Cell-free synthesis allows precise control over reaction conditions, enabling direct manipulation of transcription and translation. It facilitates the incorporation of non-standard amino acids and eliminates cell viability constraints. This approach is particularly useful for expressing toxic proteins, as no living cells are affected, and for rapid protein production, bypassing time-consuming cell culture steps.

1. Describe the main components of a cell-free expression system and explain the role of each component.

A cell-free system consists of a crude or purified extract providing the transcription and translation machinery, an energy source to sustain protein synthesis, amino acids as building blocks, cofactors and salts for enzymatic activity, and a template DNA or mRNA encoding the target protein.

1. Why is energy provision regeneration critical in cell-free systems? Describe a method you could use to ensure continuous ATP supply in your cell-free experiment.

Energy regeneration is crucial because ATP is rapidly consumed during translation, and depletion halts protein synthesis. A common approach is using a secondary energy source such as phosphoenolpyruvate (PEP) or creatine phosphate, which regenerates ATP through enzymatic reactions, maintaining synthesis efficiency.

1. Compare prokaryotic versus eukaryotic cell-free expression systems. Choose a protein to produce in each system and explain why.

Prokaryotic systems, such as E. coli extracts, are fast and cost-effective, making them suitable for simple, soluble proteins like GFP. Eukaryotic systems, such as wheat germ or mammalian extracts, enable proper folding and post-translational modifications, making them ideal for complex proteins like antibodies.

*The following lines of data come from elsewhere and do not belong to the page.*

(* Let $0<q<1$, $\Sigma\sim\mathrm{Mallows}(\mathbb{Z},q)$, $I_n:=\{-n,\dots,n\}$ and $J_n:=\{-n+1,\dots,n\}$. Almost surely there exists a (random) $N\in\mathbb{N}$ such that $\Sigma_{I_n}(i)=\Sigma_{J_n}(i)=\Sigma(i)$ for all $n\ge N$ and all $i$ with $|i|\le n-\log^2 n$.
   Context: For a finite set $A\subseteq\mathbb{Z}$ and a bijection $\pi:A\to A$, $\mathrm{inv}(\pi)$ is the number of pairs $i<j$ in $A$ with $\pi(i)>\pi(j)$, and $\Pi_A\sim\mathrm{Mallows}(A,q)$ means $\mathbb{P}(\Pi_A=\pi)\propto q^{\mathrm{inv}(\pi)}$ over bijections $\pi$ of $A$. For a bijection $\sigma$ of a set $B\subseteq\mathbb{Z}$ and finite $A\subseteq B$, the pattern $\sigma_A:A\to A$ is defined by $\sigma_A(a)=a_{(i)}$ when $\sigma(a)$ is the $i$-th smallest element of $\sigma[A]$, where $a_{(i)}$ is the $i$-th smallest element of $A$. For $0<q<1$, $\mathrm{Mallows}(\mathbb{Z},q)$ is Gnedin and Olshanski's bi-infinite Mallows measure: the law of a random bijection $\Sigma$ of $\mathbb{Z}$ such that $\Sigma_I\sim\mathrm{Mallows}(I,q)$ for every finite interval of integers $I$, and, almost surely for every $i\in\mathbb{Z}$ one has $\Sigma_{I_n}(i)=\Sigma(i)$ for all sufficiently large $n$. It is also known that $\mathbb{P}(|\Sigma(i)-i|>m)=\Theta(q^m)$ uniformly in $i\in\mathbb{Z}$. *)

From HB Require Import structures.
From mathcomp Require Import all_boot all_order all_algebra all_fingroup.
From mathcomp Require Import all_classical all_reals all_analysis.
Set Implicit Arguments. Unset Strict Implicit. Unset Printing Implicit Defensive.
Import Order.TTheory GRing.Theory Num.Theory.
Local Open Scope ring_scope.

Definition zintv (a : int) (n : nat) : seq int :=
  [seq a + (k%:Z) | k <- iota 0 n].

(* Pattern sigma_A of sigma on A = zintv a n:
   sigma_A(x) = a_(i) where sigma(x) is the i-th smallest element of sigma[A];
   since A is an interval, a_(i) = a + (i-1) = a + #{y in A | sigma y < sigma x}. *)
Definition pattern (s : int -> int) (a : int) (n : nat) (x : int) : int :=
  a + (count (fun y => s y < s x) (zintv a n))%:Z.

Definition inv_count (n : nat) (p : 'S_n) : nat :=
  #|[set ij : 'I_n * 'I_n | (ij.1 < ij.2)%N && (p ij.2 < p ij.1)%N]|.

(* Mallows(I,q) probability of pi, for I = zintv a n identified with 'I_n
   via k |-> a + k (order preserving). *)
Definition mallows_prob (R : realType) (q : R) (n : nat) (p : 'S_n) : R :=
  q ^+ inv_count p / \sum_(p' : 'S_n) q ^+ inv_count p'.

From HB Require Import structures.
From mathcomp Require Import all_boot all_order all_algebra all_fingroup.
From mathcomp Require Import all_classical all_reals all_analysis.
From mathcomp Require Import zify ring lra.
Set Implicit Arguments. Unset Strict Implicit. Unset Printing Implicit Defensive.
Import Order.TTheory GRing.Theory Num.Theory.
Local Open Scope ring_scope.

(* Under Mallows(q) on a window, the first value of the pattern is at least t
   with probability at most q^t: lowering it by t removes exactly t inversions.
   By the reverse-complement symmetry the same holds for the last value, so two
   points at distance k are inverted by Sigma with probability O(q^(k/2)).  Let
   F_m be the event that -m or m + 1 is inverted with a point of [-m, m + 1] at
   distance at least ln(m)^2 / 4; then P(F_m) = O(m q^(ln(m)^2 / 8)) is summable
   and, by Borel-Cantelli, almost surely only finitely many F_m occur.  Outside
   F_m, for m >= n and |i| <= n - ln(n)^2 we get Sigma(-m) < Sigma(i) < Sigma(m+1),
   so enlarging the window I_m to I_(m+1) does not change the pattern at i.  The
   patterns at i are therefore constant from I_n on, hence equal to their limit
   Sigma(i), and J_n only drops the point -n, which lies below i. *)

Section CycleDown.
Variable n : nat.
Lemma lbd_set0 c : lbd c set0 = \sum_v c [set v] * 'X_[u v].
Proof.
rewrite /lbd; apply: eq_big => [v|v _]; first by rewrite in_set0.
by rewrite ins_sign0 scale1r setU0 lcm_lab1 lcm_lab0 subm0.
Qed.

Lemma eq_strand a c c' : c =1 c' -> strand a c =1 strand a c'.
Proof. by move=> eq_c F; rewrite /strand eq_c. Qed.

Lemma strand_lbd a c : strand a (lbd c) =1 chain_bd (strand a c).
Proof.
move=> G; rewrite /strand /chain_bd; case: ifPn => le_Ga.
  rewrite raddf_sum; apply: eq_bigr => v _.
  have le_GvG := lcm_lab_subset u (subsetUr [set v] G).
  rewrite /= mcoeffZ mcoeffMX_le lem_sub2rE //.
  by case: ifP => // le_vGa; rewrite subm_sub2r.
by rewrite big1 // => v _; rewrite lcm_labU1_le (negbTE le_Ga) andbF mulr0.
Qed.

Lemma strand_inj c c' : (forall a, strand a c =1 strand a c') -> c =1 c'.
Proof.
move=> eq_strand F; apply/mpolyP => b; have := eq_strand (b + lcm_lab F)%MM F.
by rewrite /strand lem_addl addmK.
Qed.

Lemma strand0 a : strand a (fun=> 0) =1 (fun=> 0).
Proof. by move=> F; rewrite /strand mcoeff0 if_same. Qed.

Lemma lbdK c : lbd (lbd c) =1 (fun=> 0).
Proof.
apply: strand_inj => a G.
by rewrite strand_lbd (eq_chain_bd (strand_lbd a c)) chain_bdK strand0.
Qed.

End LabelledChains.

Section ConeExactness.
Variables (K : fieldType) (n : nat) (V : finType) (u : V -> 'X_{1..n}).
Variable D : pred {set V}.
Local Notation S := {mpoly K[n]}.
Local Notation lcm_lab := (lcm_lab u).
Implicit Types (v x : V) (F G : {set V}) (a : 'X_{1..n}) (c : {set V} -> S).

1. How would you design a cell-free experiment to optimize the expression of a membrane protein? Discuss the challenges and how you would address them in your setup.

Membrane proteins pose solubility challenges, often aggregating without a lipid environment. To optimize expression, detergents, nanodiscs, or liposomes can be added to mimic native membrane conditions. Adjusting Mg²⁺ and K⁺ concentrations can further enhance stability and yield.

1. Imagine you observe a low yield of your target protein in a cell-free system. Describe three possible reasons for this and suggest a troubleshooting strategy for each.

Low yield can result from insufficient energy supply, template degradation, or improper folding. Supplementing an ATP regeneration system can counteract energy depletion. Using RNase inhibitors prevents mRNA degradation. Adding chaperones or optimizing reaction conditions improves folding efficiency.